(* Let $(R,\mathfrak{m})$ be a one-dimensional Cohen–Macaulay local ring, let $J$ be a regular ideal with a principal reduction $(x)$, and let $I=\operatorname{tr}(J)$. Consider the conditions: (1) $I\cong I^2$; (2) $I=(x):_R J$; (3) $I\cong(x):_R J$; (4) $I\cong J^*$. Then (1) implies (2), and (2), (3), (4) are equivalent.
   Context: $J^*=\operatorname{Hom}_R(J,R)$ and $\operatorname{tr}(J)$ is the image of $J\otimes_R J^*\to R$, $a\otimes\alpha\mapsto\alpha(a)$. An ideal is regular if it contains a nonzerodivisor. A principal reduction of $J$ is a principal ideal $(x)\subseteq J$ with $xJ^n=J^{n+1}$ for some $n$. *)

From mathcomp Require Import all_boot all_algebra.
Set Implicit Arguments. Unset Strict Implicit. Unset Printing Implicit Defensive.
Import GRing.Theory.
Local Open Scope ring_scope.

(* Ideals of a commutative ring R are represented as predicates R -> Prop. *)
Section Defs.
Variable R : comUnitRingType.

Definition is_ideal (J : R -> Prop) : Prop :=
  [/\ J 0, (forall a b, J a -> J b -> J (a + b)) & (forall r a, J a -> J (r * a))].

Definition fg_ideal (J : R -> Prop) : Prop :=
  exists s : seq R, forall r,
    J r <-> exists c : seq R, size c = size s /\ r = \sum_(i < size s) c`_i * s`_i.

Definition noetherian : Prop := forall J, is_ideal J -> fg_ideal J.

(* local ring: the non-units form an ideal (the maximal ideal) *)
Definition local_ring : Prop :=
  forall a b : R, a \isn't a GRing.unit -> b \isn't a GRing.unit ->
    (a + b) \isn't a GRing.unit.

Definition max_ideal (r : R) : Prop := r \isn't a GRing.unit.

Definition prime_ideal (P : R -> Prop) : Prop :=
  [/\ is_ideal P, ~ P 1 & forall a b, P (a * b) -> P a \/ P b].

Definition strict_sub (P Q : R -> Prop) : Prop :=
  (forall r, P r -> Q r) /\ exists r, Q r /\ ~ P r.

Definition krull_dim_one : Prop :=
  (exists P Q, prime_ideal P /\ prime_ideal Q /\ strict_sub P Q) /\
  ~ (exists P0 P1 P2, [/\ prime_ideal P0, prime_ideal P1, prime_ideal P2,
        strict_sub P0 P1 & strict_sub P1 P2]).

Definition nzd (a : R) : Prop := forall b, a * b = 0 -> b = 0.

Definition depth_pos : Prop := exists a, max_ideal a /\ nzd a.

(* one-dimensional Cohen--Macaulay local ring: depth = dim = 1 *)
Definition CM_local_dim_one : Prop :=
  [/\ noetherian, local_ring, krull_dim_one & depth_pos].

Definition regular_ideal (J : R -> Prop) : Prop := exists a, J a /\ nzd a.

Definition ideal_mul (I K : R -> Prop) (r : R) : Prop :=
  exists s : seq (R * R),
    (forall p, p \in s -> I p.1 /\ K p.2) /\ r = \sum_(p <- s) p.1 * p.2.

Fixpoint ideal_pow (J : R -> Prop) (n : nat) : R -> Prop :=
  match n with
  | 0%N => fun _ => True
  | n.+1 => ideal_mul (ideal_pow J n) J
  end.

Definition principal (x : R) (r : R) : Prop := exists s, r = s * x.

Definition principal_reduction (x : R) (J : R -> Prop) : Prop :=
  J x /\ exists n : nat, forall r, ideal_pow J n.+1 r <-> exists y, ideal_pow J n y /\ r = x * y.

Definition colon (I J : R -> Prop) (r : R) : Prop := forall j, J j -> I (r * j).

(* R-linear maps J -> R (elements of J^* = Hom_R(J,R)), given by their values on J *)
Definition hom_to_R (J : R -> Prop) (f : R -> R) : Prop :=
  (forall a b, J a -> J b -> f (a + b) = f a + f b) /\
  (forall r a, J a -> f (r * a) = r * f a).

(* trace ideal: image of J ⊗ J^* -> R, a ⊗ α ↦ α(a) *)
Definition trace_ideal (J : R -> Prop) (r : R) : Prop :=
  exists s : seq (R * (R -> R)),
    (forall i, (i < size s)%N -> J (nth (0, fun _ => 0) s i).1 /\
                                 hom_to_R J (nth (0, fun _ => 0) s i).2) /\
    r = \sum_(i < size s) (nth (0, fun _ => 0) s i).2 (nth (0, fun _ => 0) s i).1.

Definition ideal_iso (I K : R -> Prop) : Prop :=
  exists f : R -> R,
    [/\ forall a b, I a -> I b -> f (a + b) = f a + f b,
        forall r a, I a -> f (r * a) = r * f a,
        forall a, I a -> K (f a),
        forall a b, I a -> I b -> f a = f b -> a = b &
        forall c, K c -> exists a, I a /\ f a = c].

(* isomorphism of R-modules  I ≅ J^* = Hom_R(J,R); homs are compared by
   their values on J *)
Definition iso_dual (I J : R -> Prop) : Prop :=
  exists Phi : R -> R -> R,
    [/\ forall a, I a -> hom_to_R J (Phi a),
        forall a b, I a -> I b -> forall j, J j -> Phi (a + b) j = Phi a j + Phi b j,
        forall r a, I a -> forall j, J j -> Phi (r * a) j = r * Phi a j,
        forall a b, I a -> I b -> (forall j, J j -> Phi a j = Phi b j) -> a = b &
        forall f, hom_to_R J f -> exists a, I a /\ forall j, J j -> Phi a j = f j].

Definition ideal_eq (I K : R -> Prop) : Prop := forall r, I r <-> K r.

End Defs.

From mathcomp Require Import all_boot all_algebra perm ring.
From Stdlib Require Import ClassicalEpsilon.
Set Implicit Arguments. Unset Strict Implicit. Unset Printing Implicit Defensive.
Import GRing.Theory.
Local Open Scope ring_scope.
(* In the setting below, consider a cube in $\mathcal C$ with vertices $X',Y',Z',W'$ (top) and $X,Y,Z,W$ (bottom), edges $j'\colon X'\to Y'$, $i'\colon Z'\to W'$, $j\colon X\to Y$, $i\colon Z\to W$ in $\mathcal A$; $q'\colon X'\to Z'$, $p'\colon Y'\to W'$, $q\colon X\to Z$, $p\colon Y\to W$ in $\mathcal B$; $x\colon X'\to X$, $y\colon Y'\to Y$, $z\colon Z'\to Z$, $w\colon W'\to W$ in $\mathcal C$; and face $2$-cells: right $I$: $py\Rightarrow wp'$; left $I'$: $qx\Rightarrow zq'$; front $J$: $\beta\colon wi'\Rightarrow iz$; back $J'$: $\beta'\colon yj'\Rightarrow jx$; bottom $K$: $pj\Rightarrow iq$; top $K'$: $p'j'\Rightarrow i'q'$. Each face is regarded as a down-square (for $I$: top $y$, left $p'$, right $p$, bottom $w$; for $I'$: top $x$, left $q'$, right $q$, bottom $z$; for $J$: top $i'$, left $z$, right $w$, bottom $i$; for $J'$: top $j'$, left $x$, right $y$, bottom $j$; $K$, $K'$ as written). Assume the cube is $2$-commutative, i.e. the pasted $2$-cells $pyj'\Rightarrow wp'j'\Rightarrow wi'q'\Rightarrow izq'$ (via $I,K',J$) and $pyj'\Rightarrow pjx\Rightarrow iqx\Rightarrow izq'$ (via $J',K,I'$) coincide, and assume $B_K$ and $B_{K'}$ are invertible. Then the composite $i'_!z^*q_*\xRightarrow{B_{I'}}i'_!q'_*x^*\xRightarrow{G_{K'}}p'_*j'_!x^*\xRightarrow{A_{J'}}p'_*y^*j_!$ equals $i'_!z^*q_*\xRightarrow{A_J}w^*i_!q_*\xRightarrow{G_K}w^*p_*j_!\xRightarrow{B_I}p'_*y^*j_!$.
   Context: Setting. $\mathcal C,\mathcal D$ are $2$-categories; $\mathcal A,\mathcal B$ are $2$-subcategories of $\mathcal C$ (hom-inclusions fully faithful and injective on objects). Given: a pseudofunctor $\mathcal C\to\mathcal D^{\mathrm{coop}}$, $X\mapsto X$, $f\mapsto f^*$ ($f\colon X\to Y$ gives $f^*\colon Y\to X$), $(\alpha\colon f\Rightarrow g)\mapsto\alpha^*\colon g^*\Rightarrow f^*$, coherence $(gf)^*\cong f^*g^*$; pseudofunctors $\mathcal B\to\mathcal D$, $p\mapsto p_*$, and $\mathcal A\to\mathcal D$, $i\mapsto i_!$; adjunctions $p^*\dashv p_*$ (unit $\eta_p\colon1\Rightarrow p_*p^*$, counit $\epsilon_p\colon p^*p_*\Rightarrow1$) for $p\in\mathcal B$ and $i_!\dashv i^*$ (unit $\eta_i\colon1\Rightarrow i^*i_!$, counit $\epsilon_i\colon i_!i^*\Rightarrow1$) for $i\in\mathcal A$, compatible with the pseudofunctor structures (units/counits of composites correspond under coherence isomorphisms to composites; $2$-cells act by mates). $\cong$ denotes coherence isomorphisms. A down-square $D$: $j\colon X\to Y$ (top), $q\colon X\to Z$ (left), $i\colon Z\to W$ (bottom), $p\colon Y\to W$ (right), $\alpha\colon pj\Rightarrow iq$. If $p,q\in\mathcal B$: $B_D\colon i^*p_*\Rightarrow q_*j^*$ is $i^*p_*\xRightarrow{\eta_q}q_*q^*i^*p_*\cong q_*(iq)^*p_*\xRightarrow{\alpha^*}q_*(pj)^*p_*\cong q_*j^*p^*p_*\xRightarrow{\epsilon_p}q_*j^*$. If $i,j\in\mathcal A$: $A_D\colon j_!q^*\Rightarrow p^*i_!$ is $j_!q^*\xRightarrow{\eta_i}j_!q^*i^*i_!\cong j_!(iq)^*i_!\xRightarrow{\alpha^*}j_!(pj)^*i_!\cong j_!j^*p^*i_!\xRightarrow{\epsilon_j}p^*i_!$. If $i,j\in\mathcal A$, $p,q\in\mathcal B$ and $B_D$ is invertible, $G_D\colon i_!q_*\Rightarrow p_*j_!$ is $i_!q_*\xRightarrow{\eta_j}i_!q_*j^*j_!\xRightarrow{B_D^{-1}}i_!i^*p_*j_!\xRightarrow{\epsilon_i}p_*j_!$. (Here $B_I$ and $B_{I'}$ use that $p,p',q,q'\in\mathcal B$, and $A_J,A_{J'}$ that $i,i',j,j'\in\mathcal A$.) *)

Set Implicit Arguments.
Unset Strict Implicit.
(* Let $F$ (of size $N$) and $G$ (of size $M$) be Fourier matrices. (a) If $\gcd(M,N)=1$, then the number of entries of $F\otimes G$ equal to $1$ is the product of the number of entries of $F$ equal to $1$ and the number of entries of $G$ equal to $1$ (equivalently, the multiplicity of $1$ in the spectrum of $\mathcal I_{(MN)^{-1/2}F\otimes G}$ is the product of those for $\mathcal I_{N^{-1/2}F}$ and $\mathcal I_{M^{-1/2}G}$); that is, $\mathbf D(F\otimes G)=\mathbf D(F)\cdot\mathbf D(G)$. (b) If $\gcd(M,N)>1$, then $\mathbf D(F\otimes G)>\mathbf D(F)\cdot\mathbf D(G)$.
   Context: For $n\ge1$, $F_n$ is the $n\times n$ matrix with entries $e^{2\pi i\,jk/n}$, $j,k\in\{0,\dots,n-1\}$; a Fourier matrix is a Kronecker product $F_{N_1}\otimes\cdots\otimes F_{N_r}$. For a unitary $W$ with no zero entries, $\mathcal I_W=\mathcal C_W^{-1}\mathcal D_W$ where $\mathcal C_W(X)=(X\circ W)W^*$, $\mathcal D_W(X)=W(\overline X\circ W)^*$ ($\circ$ entrywise product). For a rescaled unitary $V$ with no zero entries, $\mathbf D(V)=\dim_{\mathbb R}\{iR\circ V:\ R\text{ real},\ (iR\circ V)V^*\text{ antihermitian}\}$; for a Fourier matrix this equals the number of its entries equal to $1$. *)

From HB Require Import structures.
From mathcomp Require Import all_boot all_order all_algebra.
From mathcomp Require Import complex mxtens.
From mathcomp Require Import reals trigo.
Set Implicit Arguments. Unset Strict Implicit. Unset Printing Implicit Defensive.
Import Order.TTheory GRing.Theory Num.Theory.
Local Open Scope ring_scope.
Local Open Scope complex_scope.

Section Fourier.
Variable R : realType.
Local Notation C := R[i].

Definition cexp (x : R) : C := cos x +i* sin x.

Definition Fmat (n : nat) : 'M[C]_n :=
  \matrix_(j < n, k < n) cexp (2 * pi * (j * k)%:R / n%:R).

(* Fourier matrix F_{N_1} (x) ... (x) F_{N_r} of size N_1 * ... * N_r
   (Kronecker product: mxtens's A *t B, row index i*p + k). *)
Fixpoint fourier (ns : seq nat) : 'M[C]_(foldr muln 1%N ns) :=
  match ns return 'M[C]_(foldr muln 1%N ns) with
  | [::] => 1%:M
  | n :: ns' => Fmat n *t fourier ns'
  end.

Definition adjmx n (A : 'M[C]_n) : 'M[C]_n := (map_mx conjc A)^T.

Definition hadamard n (A B : 'M[C]_n) : 'M[C]_n := \matrix_(i, j) (A i j * B i j).

(* For a real matrix Rm, the defect X + X^* of X = (i Rm o V) V^* from being
   antihermitian, encoded by its real and imaginary parts. *)
Definition antiherm_defect n (V : 'M[C]_n) (Rm : 'M[R]_n) : 'M[R]_n * 'M[R]_n :=
  let X := hadamard (map_mx (fun r => 0 +i* r) Rm) V *m adjmx V in
  let H := X + adjmx X in
  (map_mx (@complex.Re R) H, map_mx (@complex.Im R) H).

(* D(V) = dim_R { i R o V : R real, (i R o V) V^* antihermitian }.
   Since R |-> i R o V is R-linear and injective when V has no zero entries,
   this is the dimension of the real space of such real matrices R, i.e. the
   kernel of the (R-linear) map antiherm_defect V. *)
Definition Ddim n (V : 'M[C]_n) : nat := \dim (lker (linfun (antiherm_defect V))).

End Fourier.

(* The Fourier matrices are character tables of finite abelian groups: symmetric, with
   unimodular entries, with rows closed under entrywise product and conjugation, and with
   orthogonal rows.  For such a table W the real-linear bijection R |-> W R W turns the
   condition "(iR o W) W^* is antihermitian" into "W R W vanishes wherever W is not 1",
   so D(W) is the number of entries of W equal to 1.  An entry x y of F (x) G equals 1
   with x an N-th and y an M-th root of unity; if gcd(M, N) = 1 this forces x = y = 1,
   while a common prime factor p provides the entries e^{2 pi i/p} of F and
   e^{-2 pi i/p} of G, whose product is an extra 1. *)

From HB Require Import structures.
From mathcomp Require Import all_boot all_order all_algebra.
From mathcomp Require Import complex mxtens.
From mathcomp Require Import reals trigo.
From mathcomp Require Import ring lra.
Set Implicit Arguments. Unset Strict Implicit. Unset Printing Implicit Defensive.
Import Order.TTheory GRing.Theory Num.Theory.
Local Open Scope ring_scope.
Local Open Scope complex_scope.

Section ComplexExponential.
Variable R : realType.

Lemma cexpD (x y : R) : cexp (x + y) = cexp x * cexp y.
Proof.
rewrite /cexp cosD sinD; apply/eqP; rewrite eq_complex /=.
by apply/andP; split; apply/eqP; ring.
Qed.

Lemma cexp0 : cexp 0 = 1 :> R[i].
Proof. by rewrite /cexp cos0 sin0. Qed.

Lemma cexp_mulconj (x : R) : cexp x * conjc (cexp x) = 1.
Proof.
apply/eqP; rewrite eq_complex /=; apply/andP; split; apply/eqP; last by ring.
by rewrite -(cos2Dsin2 x); ring.
Qed.

Lemma cexpMn (x : R) (k : nat) : cexp (x * k%:R) = cexp x ^+ k.
Proof.
elim: k => [|k IHk]; first by rewrite mulr0 cexp0 expr0.
by rewrite -addn1 natrD mulrDr mulr1 cexpD IHk exprD expr1.
Qed.

Lemma cexp_2piMn (m : nat) : cexp (2 * pi * m%:R : R) = 1.
Proof.
have -> : 2 * pi * m%:R = 0 + (pi *+ 2) *+ m :> R.
  by rewrite add0r -mulrnA -[pi *+ _]mulr_natl natrM; ring.
by rewrite /cexp (periodicn (@cosD2pi R)) (periodicn (@sinD2pi R)) cos0 sin0.
Qed.

Lemma cexp_neq1 (x : R) : 0 < x < pi *+ 2 -> cexp x != 1.
Proof.
move=> /andP[x_gt0 x_lt2pi]; rewrite /cexp eq_complex /= negb_and; apply/orP; left.
have pi_itv : (0 : R) \in `[0, pi] by rewrite in_itv /= lexx pi_ge0.
have [x_le_pi | pi_lt_x] := lerP x pi.
  have : cos x < cos 0 by rewrite ltr_cos // in_itv /= (ltW x_gt0) x_le_pi.
  by rewrite cos0 => /lt_eqF ->.
have : cos (pi *+ 2 - x) < cos 0.
  rewrite ltr_cos // ?subr_gt0 // in_itv /= subr_ge0 (ltW x_lt2pi) /=.
  by rewrite lerBlDl mulr2n lerD2r ltW.
by rewrite cos0 cosB cos2pi sin2pi mul0r addr0 mul1r => /lt_eqF ->.
Qed.

End ComplexExponential.

Section ComplexParts.
Variable R : realType.

Lemma conjcM (x y : R[i]) : conjc (x * y) = conjc x * conjc y.
Proof. exact: rmorphM. Qed.
(* Half of e^{aV} absorbs the polynomial factor V^k, the other half decays like
   e^{-c|x|} by the linear lower bound on V. *)
Lemma Orlicz_weight_decay a k : a < 0 ->
  exists K, forall x, V x ^ k * exp (a * V x) <= K / (1 + x ^ 2).
Proof.
  intros Ha. set (t := - a / 2). assert (Ht : 0 < t) by (unfold t; lra).
  set (c := V 1). assert (Hc : 0 < c) by (apply Orlicz_gt0; lra).
  set (u := t * c). assert (Hu : 0 < u) by (unfold u; nra).
  set (Ck := (INR k + 1) ^ k / t ^ k).
  exists (Ck * exp (t * c) * (1 + 9 / u ^ 2)). intros x.
  pose proof (one_plus_sq_pos x). pose proof (Orlicz_ge0 x).
  assert (HA : V x ^ k * exp (- t * V x) <= Ck) by (apply pow_mul_exp_opp_le; assumption).
  assert (HB : exp (- t * V x) <= exp (t * c) * exp (- u * Rabs x)).
  { rewrite <- exp_plus. apply exp_le_compat. pose proof (Orlicz_ge_linear x) as Hlin. fold c in Hlin. unfold u. nra. }
  assert (HC : (1 + x ^ 2) * exp (- u * Rabs x) <= 1 + 9 / u ^ 2).
  { pose proof (pow_mul_exp_opp_le 2 u (Rabs x) Hu (Rabs_pos x)) as H2.
    rewrite pow2_abs in H2. replace ((INR 2 + 1) ^ 2) with 9 in H2 by (simpl; ring).
    assert (exp (- u * Rabs x) <= 1).
    { rewrite <- exp_0. apply exp_le_compat. pose proof (Rabs_pos x). nra. }
    lra. }
  pose proof (exp_pos (- t * V x)). pose proof (exp_pos (t * c)). pose proof (exp_pos (- u * Rabs x)).
  assert (0 <= V x ^ k) by (apply pow_le; assumption).
  assert (0 <= Ck) by (eapply Rle_trans; [|exact HA]; apply Rmult_le_pos; lra).
  replace (a * V x) with (- t * V x + - t * V x) by (unfold t; field). rewrite exp_plus.
  apply Rmult_le_reg_l with (1 + x ^ 2); [assumption|].
  replace ((1 + x ^ 2) * (Ck * exp (t * c) * (1 + 9 / u ^ 2) / (1 + x ^ 2)))
    with (Ck * exp (t * c) * (1 + 9 / u ^ 2)) by (field; lra).
  apply Rle_trans with ((1 + x ^ 2) * (Ck * (exp (t * c) * exp (- u * Rabs x)))).
  { replace (V x ^ k * (exp (- t * V x) * exp (- t * V x)))
      with ((V x ^ k * exp (- t * V x)) * exp (- t * V x)) by ring.
    apply Rmult_le_compat_l; [lra|]. apply Rmult_le_compat; nra. }
  replace ((1 + x ^ 2) * (Ck * (exp (t * c) * exp (- u * Rabs x))))
    with (Ck * exp (t * c) * ((1 + x ^ 2) * exp (- u * Rabs x))) by ring.
  apply Rmult_le_compat_l; [nra | exact HC].
Qed.

Lemma gibbs_integrand_dominated k a (lam u : R -> R) : Cb lam -> Cb u -> a < 0 ->
  quad_dominated (fun x => V x ^ k * u x * exp (a * V x + lam x)).
Proof.
  intros [Hlc [B Hlb]] [Huc [U Hub]] Ha. destruct (Orlicz_weight_decay a k Ha) as [K HK].
  split.
  - intros x. apply continuous_Rmult; [apply continuous_Rmult; [apply continuous_Rpow, Orlicz_continuous | apply Huc]|].
    apply continuous_exp_comp, continuous_Rplus; [|apply Hlc].
    apply continuous_Rmult; [apply continuous_const | apply Orlicz_continuous].
  - exists (U * exp B * K). intros x.
    pose proof (Hub x). pose proof (Hlb x) as Hl. pose proof (HK x). pose proof (Rabs_pos (u x)).
    rewrite !Rabs_mult, (Rabs_right (exp _)) by (left; apply exp_pos).
    rewrite exp_plus, <- RPow_abs, (Rabs_right (V x)) by (apply Rle_ge, Orlicz_ge0).
    assert (exp (lam x) <= exp B) by (apply exp_le_compat; apply Rabs_le_between in Hl; lra).
    pose proof (exp_pos (lam x)). pose proof (exp_pos (a * V x)).
    assert (0 <= V x ^ k) by (apply pow_le, Orlicz_ge0).
    replace (V x ^ k * Rabs (u x) * (exp (a * V x) * exp (lam x)))
      with (Rabs (u x) * exp (lam x) * (V x ^ k * exp (a * V x))) by ring.
    replace (U * exp B * K / (1 + x ^ 2)) with ((U * exp B) * (K / (1 + x ^ 2))) by (unfold Rdiv; ring).
    apply Rmult_le_compat; [nra | nra | apply Rmult_le_compat; lra | lra].
Qed.

End Orlicz.

(** * The Gibbs family *)

Lemma is_derive_eq (f : R -> R) x l l' : is_derive f x l -> l = l' -> is_derive f x l'.
Proof. intros H <-. exact H. Qed.

Lemma is_derive_ln_comp (f : R -> R) x df : is_derive f x df -> 0 < f x ->
  is_derive (fun y => ln (f y)) x (df / f x).
Proof.
  intros H Hp. eapply is_derive_eq; [apply (is_derive_comp ln f); [apply is_derive_ln, Hp | exact H]|].
  unfold scal; simpl; unfold mult; simpl. unfold Rdiv. ring.
Qed.

Lemma continuity_pt_of_is_derive (f : R -> R) x l : is_derive f x l -> continuity_pt f x.
Proof.
  intros H. apply continuity_pt_filterlim.
  apply (ex_derive_continuous (K := R_AbsRing) (V := R_NormedModule)). exists l. exact H.
Qed.

Section GibbsMoments.
Variable V : R -> R.
Hypothesis hV : Orlicz V.

Definition moment k a (lam : R -> R) : R := IntR (fun x => V x ^ k * exp (a * V x + lam x)).

Lemma moment_integrand_dominated k a lam : Cb lam -> a < 0 ->
  quad_dominated (fun x => V x ^ k * exp (a * V x + lam x)).
Proof.
  intros Hl Ha. apply (quad_dominated_ext _ _ (gibbs_integrand_dominated V hV k a lam _ Hl (Cb_const 1) Ha)).
  intros x. ring.
Qed.

Lemma moment_integrand_ge0 k a lam x : 0 <= V x ^ k * exp (a * V x + lam x).
Proof. apply Rmult_le_pos; [apply pow_le, (Orlicz_ge0 V hV) | left; apply exp_pos]. Qed.

Lemma moment_ge0 k a lam : Cb lam -> a < 0 -> 0 <= moment k a lam.
Proof.
  intros Hl Ha. apply IntR_ge0; [apply moment_integrand_dominated; assumption|].
  intros x. apply moment_integrand_ge0.
Qed.

Lemma moment0_gt0 a lam : Cb lam -> a < 0 -> 0 < moment 0 a lam.
Proof.
  intros Hl Ha. apply (IntR_gt0 _ 0); [apply moment_integrand_dominated; assumption | apply moment_integrand_ge0|].
  simpl. rewrite Rmult_1_l. apply exp_pos.
Qed.

Lemma moment1_gt0 a lam : Cb lam -> a < 0 -> 0 < moment 1 a lam.
Proof.
  intros Hl Ha. apply (IntR_gt0 _ 1); [apply moment_integrand_dominated; assumption | apply moment_integrand_ge0|].
  simpl. rewrite Rmult_1_r. apply Rmult_lt_0_compat; [apply (Orlicz_gt0 V hV); lra | apply exp_pos].
Qed.

Lemma moment_le_compat k a b lam : Cb lam -> a <= b -> b < 0 -> moment k a lam <= moment k b lam.
Proof.
  intros Hl Hab Hb. apply IntR_le; try (apply moment_integrand_dominated; auto; lra).
  intros x. apply Rmult_le_compat_l; [apply pow_le, (Orlicz_ge0 V hV)|].
  apply exp_le_compat. pose proof (Orlicz_ge0 V hV x). nra.
Qed.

→ **WHAT IS EXPECTED**:
The first line of the listing above through the line containing "[/\ J 0, (forall": print exactly that, both ends included.

→ **RESPONSE TO THIS TASK**:
(* Let $(R,\mathfrak{m})$ be a one-dimensional Cohen–Macaulay local ring, let $J$ be a regular ideal with a principal reduction $(x)$, and let $I=\operatorname{tr}(J)$. Consider the conditions: (1) $I\cong I^2$; (2) $I=(x):_R J$; (3) $I\cong(x):_R J$; (4) $I\cong J^*$. Then (1) implies (2), and (2), (3), (4) are equivalent.
   Context: $J^*=\operatorname{Hom}_R(J,R)$ and $\operatorname{tr}(J)$ is the image of $J\otimes_R J^*\to R$, $a\otimes\alpha\mapsto\alpha(a)$. An ideal is regular if it contains a nonzerodivisor. A principal reduction of $J$ is a principal ideal $(x)\subseteq J$ with $xJ^n=J^{n+1}$ for some $n$. *)

From mathcomp Require Import all_boot all_algebra.
Set Implicit Arguments. Unset Strict Implicit. Unset Printing Implicit Defensive.
Import GRing.Theory.
Local Open Scope ring_scope.

(* Ideals of a commutative ring R are represented as predicates R -> Prop. *)
Section Defs.
Variable R : comUnitRingType.

Definition is_ideal (J : R -> Prop) : Prop :=
  [/\ J 0, (forall a b, J a -> J b -> J (a + b)) & (forall r a, J a -> J (r * a))].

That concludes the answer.